Content starts
Definition passage_time tau p : R := \sum_(e <- path_edges p) tau e.
Definition fpp_time tau (x y : vertex n) : R :=
  inf [set passage_time tau p | p in [set p | saw_from_to x y p]].
Definition geodesic tau (x y : vertex n) p : Prop :=
  saw_from_to x y p /\ passage_time tau p = fpp_time tau x y.
(* [rank] encodes the fixed deterministic ordering of finite self-avoiding
   paths; [first_geodesic rank tau x p] says that p is pi^(x). *)
Definition first_geodesic (rank : lpath n -> nat) tau (x : vertex n) p : Prop :=
  geodesic tau (origin n) x p /\
  forall q, geodesic tau (origin n) x q -> (rank p <= rank q)%N.
End FPP.

Section Indep.
Context {R : realType} {d : measure_display} {T : measurableType d}.
Context (P : probability T R) {I : choiceType}.

Definition iid_indep (X : I -> T -> R) : Prop :=
  forall (S : {fset I}) (B : I -> set R), (forall i, measurable (B i)) ->
    P (\bigcap_(i in [set` S]) (X i @^-1` B i)) =
    (\prod_(i <- S) P (X i @^-1` B i))%E.

Definition events_indep (A : I -> set T) : Prop :=
  forall (S : {fset I}),
    P (\bigcap_(i in [set` S]) A i) = (\prod_(i <- S) P (A i))%E.
End Indep.

Section Perc.
Context {R : realType} (n : nat).
Implicit Types (w : edge n -> bool) (p : lpath n).

Definition open_path w p : bool := all w (path_edges p).
Definition oriented p : bool := all (fun s : step n => s.2) p.2.

Definition percolates w : Prop :=
  infinite_set [set y | exists p, [/\ pstart p = origin n, pend p = y & open_path w p]].
Definition oriented_percolates w : Prop :=
  infinite_set [set y | exists p,
    [/\ pstart p = origin n, pend p = y, oriented p & open_path w p]].

Definition bernoulli_family {d : measure_display} {T : measurableType d}
  (Q : probability T R) (w : edge n -> T -> bool) (q : R) : Prop :=
  [/\ forall e, measurable [set t | w e t],
      forall e, Q [set t | w e t] = q%:E &
      events_indep Q (fun e => [set t | w e t])].

Definition no_percolation (q : R) : Prop :=
  forall (d : measure_display) (T : measurableType d) (Q : probability T R)
         (w : edge n -> T -> bool),
    bernoulli_family Q w q -> Q [set t | percolates (w^~ t)] = 0%E.
Definition no_oriented_percolation (q : R) : Prop :=
  forall (d : measure_display) (T : measurableType d) (Q : probability T R)
         (w : edge n -> T -> bool),
    bernoulli_family Q w q -> Q [set t | oriented_percolates (w^~ t)] = 0%E.

Definition p_c : R := sup [set q : R | 0 <= q <= 1 /\ no_percolation q].
Definition vec_p_c : R := sup [set q : R | 0 <= q <= 1 /\ no_oriented_percolation q].
End Perc.

Section Law.
Context {R : realType} (mu : probability R R).
Definition distF (t : R) : \bar R := mu [set x | x <= t].
Definition ess_inf_law : R := sup [set s : R | mu [set x | x < s] = 0%E].
End Law.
Content ends
WHAT TO DO:
Print exactly the lines above, between the one holding "Definition fpp_time tau" and the one holding "Section Indep.", inclusive, and nothing besides.

RESULT OF THIS EXERCISE:
Definition fpp_time tau (x y : vertex n) : R :=
  inf [set passage_time tau p | p in [set p | saw_from_to x y p]].
Definition geodesic tau (x y : vertex n) p : Prop :=
  saw_from_to x y p /\ passage_time tau p = fpp_time tau x y.
(* [rank] encodes the fixed deterministic ordering of finite self-avoiding
   paths; [first_geodesic rank tau x p] says that p is pi^(x). *)
Definition first_geodesic (rank : lpath n -> nat) tau (x : vertex n) p : Prop :=
  geodesic tau (origin n) x p /\
  forall q, geodesic tau (origin n) x q -> (rank p <= rank q)%N.
End FPP.

Section Indep.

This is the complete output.